Prison officials ordered to turn over records on Marathon bombing suspect Dzhokhar Tsarnaev
The Lowell Sun and Robin Young/AP
A federal magistrate judge has approved a request by Boston Marathon bombing suspect Dzhokhar Tsarnaev to have prison officials provide his lawyers with records related to his incarceration, including daily activity and suicide watch logs, psychology data files, photographs, commissary files, and any other records.
However, US Magistrate Judge Marianne B. Bowler rejected a defense request to have the US Bureau of Prisons keep that information from prosecutors without a court order or the defense lawyers’ consent.
The request had been made in a secret filing with the court. Bowler made the request public Monday after finding there was no reason to keep it confidential.

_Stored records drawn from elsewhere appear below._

(* Let $G$ be a torsion-free hyperbolic group and $\mathcal{H}$ a peripheral structure of $G$. Let $T_1$ and $T_2$ be two metric $G$-trees such that, in each of them, the elliptic subgroups are exactly the subgroups of $G$ contained in conjugates of groups of $\mathcal{H}$. Then for any automorphism $\alpha$ of $G$ preserving $\mathcal{H}$ (sending each group in $\mathcal{H}$ to a conjugate of a group of the same conjugacy class), an element $g\in G$ has polynomial $\|\cdot\|_{T_1}$-growth under $\alpha$ if and only if it has polynomial $\|\cdot\|_{T_2}$-growth under $\alpha$.
   Context: A peripheral structure is a finite tuple of conjugacy classes of subgroups of $G$. A metric $G$-tree is a metric simplicial tree with an isometric $G$-action. For such a tree $T$ and $g\in G$, $\|g\|_T=\min_v d_T(v,gv)$, the minimum over vertices $v$ of $T$. An element $g$ has polynomial $\|\cdot\|_T$-growth under $\alpha$ if there is a polynomial $P\in\mathbb{Z}[X]$ with $\|\alpha^n(g)\|_T\le P(n)$ for all $n$. *)

From Stdlib Require Import Reals List ZArith Arith Lia.
Open Scope R_scope.

Record group := Group {
  gcar :> Type;
  gmul : gcar -> gcar -> gcar;
  gone : gcar;
  ginv : gcar -> gcar;
  gmulA : forall x y z, gmul x (gmul y z) = gmul (gmul x y) z;
  gmul1l : forall x, gmul gone x = x;
  gmulVl : forall x, gmul (ginv x) x = gone
}.

Arguments gmul {g} _ _.
Arguments gone {g}.
Arguments ginv {g} _.

Fixpoint gpow {G : group} (x : G) (n : nat) : G :=
  match n with O => gone | S m => gmul x (gpow x m) end.

Definition torsion_free (G : group) : Prop :=
  forall (x : G) (n : nat), (1 <= n)%nat -> gpow x n = gone -> x = gone.

Definition is_subgroup (G : group) (H : G -> Prop) : Prop :=
  H gone /\ (forall x y, H x -> H y -> H (gmul x y)) /\ (forall x, H x -> H (ginv x)).

Definition in_conj {G : group} (g : G) (H : G -> Prop) (x : G) : Prop :=
  H (gmul (ginv g) (gmul x g)).

Definition is_automorphism (G : group) (a : G -> G) : Prop :=
  (forall x y, a (gmul x y) = gmul (a x) (a y)) /\
  (forall x y, a x = a y -> x = y) /\
  (forall y, exists x, a x = y).

Definition gen_word {G : group} (S : list G) (w : list G) : Prop :=
  Forall (fun s => In s S \/ In (ginv s) S) w.

Definition wprod {G : group} (w : list G) : G := fold_right gmul gone w.

Definition generates {G : group} (S : list G) : Prop :=
  forall x : G, exists w, gen_word S w /\ wprod w = x.

Definition wlen_is {G : group} (S : list G) (x : G) (n : nat) : Prop :=
  (exists w, gen_word S w /\ wprod w = x /\ length w = n) /\
  (forall w, gen_word S w -> wprod w = x -> (n <= length w)%nat).

(* Gromov's four-point condition for the word metric d(x,y) = |x^-1 y|_S *)
Definition hyperbolic (G : group) : Prop :=
  exists S : list G, generates S /\
  exists delta : nat,
    forall (x y z t : G) (dxy dzt dxz dyt dxt dyz : nat),
      wlen_is S (gmul (ginv x) y) dxy ->
      wlen_is S (gmul (ginv z) t) dzt ->
      wlen_is S (gmul (ginv x) z) dxz ->
      wlen_is S (gmul (ginv y) t) dyt ->
      wlen_is S (gmul (ginv x) t) dxt ->
      wlen_is S (gmul (ginv y) z) dyz ->
      (dxy + dzt <= Nat.max (dxz + dyt) (dxt + dyz) + 2 * delta)%nat.

Section Walks.
Variables (V : Type) (E : V -> V -> Prop) (len : V -> V -> R).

On Friday, the judge similarly made public a defense request for periodic photos of Tsarnaev, to show his condition and whether it improves, in what could be an attempt to show that the 19-year-old was in poor health when he reportedly gave statements claiming responsibility for the bombings, which killed three people and injured more than 260.
The request could be used as evidence in an effort to have the statement suppressed. Legal observers also said the photos could be used to argue against the death penalty.
Tsarnaev is being held at a federal prison medical facility in Fort Devens. He could face the death penalty for the bombings.
Tsarnaev, 19, is facing charges of using a weapon of mass destruction and malicious destruction of property resulting in death in the bombings. His brother, Tamerlan, 26, the other suspect in the bombings, was killed in a confrontation with police several days later when he was shot by police and run over by his younger brother.